## What is needed
Where the line containing "[&& x \in val" appears, start copying; continue through the last line below and copy nothing else.

## Collected data
# # # # # # #
(* Let $\Psi$ be the endofunctor on digraphs defined as follows: for a digraph $H$, the vertices of $\Psi H$ are the arcs of $H$, and $((a,b),(c,d))$ is an arc of $\Psi H$ iff $(b,c)$ is an arc of $H$ (equivalently, $(a,b),(b,c),(c,d)$ is a directed walk of length 3 in $H$). Let $\mathcal T$ be a set of oriented trees that is a complete set of obstructions for a digraph $H$. Then the set $\Psi\text{-Sproink}(\mathcal T)=\{T/{\sim_b},\ T/{\sim_r} : T\in\mathcal T\}$ (each with loops removed) is a complete set of obstructions for $\Psi H$.
   Context: Digraphs are finite; homomorphisms are arc-preserving vertex maps. A set $\mathcal F$ is a complete set of obstructions for $H$ if for all digraphs $G$: $G\to H$ iff no $F\in\mathcal F$ admits a homomorphism to $G$. An oriented tree is a digraph whose underlying undirected graph is a tree; its algebraic height $h$ is the minimum number of arcs of a directed path $\vec P_h$ (vertices $0,\dots,h$, arcs $(i,i+1)$) to which it maps. For an oriented tree $T$ of algebraic height $h$ let $t:T\to\vec P_h$ be the unique such homomorphism (for $T$ connected with at least one arc). Blue arcs of $T$ are arcs $(x,y)$ with $t(x)$ even; red arcs are arcs $(x,y)$ with $t(x)$ odd. $x\sim_b y$ iff the (undirected) path in $T$ from $x$ to $y$ consists only of blue arcs; $x\sim_r y$ iff it consists only of red arcs. For an equivalence $\sim$, the quotient $T/{\sim}$ has the classes as vertices and $(X,Y)$ an arc iff some $x\in X,y\in Y$ have $(x,y)\in A(T)$; ''with loops removed'' means arcs $(X,X)$ are deleted. *)

From mathcomp Require Import all_boot.
Set Implicit Arguments. Unset Strict Implicit. Unset Printing Implicit Defensive.

Record digraph := Digraph { vtx : finType; arc : rel vtx }.

Definition hom (G H : digraph) : Prop :=
  exists f : vtx G -> vtx H, forall x y, arc x y -> arc (f x) (f y).

Definition complete_obstructions (F : digraph -> Prop) (H : digraph) : Prop :=
  forall G : digraph, hom G H <-> ~ (exists D, F D /\ hom D G).

Definition uadj (T : digraph) : rel (vtx T) := fun x y => arc x y || arc y x.

Definition oriented_tree (T : digraph) : Prop :=
  [/\ 0 < #|vtx T|,
      (forall x : vtx T, ~~ arc x x),
      (forall x y : vtx T, arc x y -> ~~ arc y x),
      (forall x y : vtx T, connect (@uadj T) x y) &
      (forall c : seq (vtx T), 3 <= size c -> ~~ ucycleb (@uadj T) c)].

(* t : T -> P_h is a homomorphism to the directed path 0 -> 1 -> ... -> h. *)
Definition path_hom (T : digraph) (h : nat) (t : vtx T -> nat) : Prop :=
  (forall x, t x <= h) /\ (forall x y, arc x y -> t y = (t x).+1).

Definition alg_height (T : digraph) (h : nat) : Prop :=
  (exists t, @path_hom T h t) /\ (forall h' t', @path_hom T h' t' -> h <= h').

Definition blue_arc (T : digraph) (t : vtx T -> nat) : rel (vtx T) :=
  fun x y => arc x y && ~~ odd (t x).
Definition red_arc (T : digraph) (t : vtx T -> nat) : rel (vtx T) :=
  fun x y => arc x y && odd (t x).

Definition sym_closure (V : Type) (r : rel V) : rel V := fun x y => r x y || r y x.
Definition blue_eq (T : digraph) (t : vtx T -> nat) : rel (vtx T) :=
  connect (sym_closure (blue_arc t)).
Definition red_eq (T : digraph) (t : vtx T -> nat) : rel (vtx T) :=
  connect (sym_closure (red_arc t)).

Definition classes (T : digraph) (eqv : rel (vtx T)) : {set {set vtx T}} :=
  [set [set y | eqv x y] | x : vtx T].
Definition quot_vtx (T : digraph) (eqv : rel (vtx T)) : finType :=
  {C : {set vtx T} | C \in classes eqv}.
Definition quot_arc (T : digraph) (eqv : rel (vtx T)) : rel (quot_vtx eqv) :=
  fun X Y => (val X != val Y) &&
     [exists x : vtx T, [exists y : vtx T,
        [&& x \in val X, y \in val Y & arc x y]]].
Definition quot_loopless (T : digraph) (eqv : rel (vtx T)) : digraph :=
  @Digraph (quot_vtx eqv) (@quot_arc T eqv).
# # # # # # #
## Solution to the exercise
        [&& x \in val X, y \in val Y & arc x y]]].
Definition quot_loopless (T : digraph) (eqv : rel (vtx T)) : digraph :=
  @Digraph (quot_vtx eqv) (@quot_arc T eqv).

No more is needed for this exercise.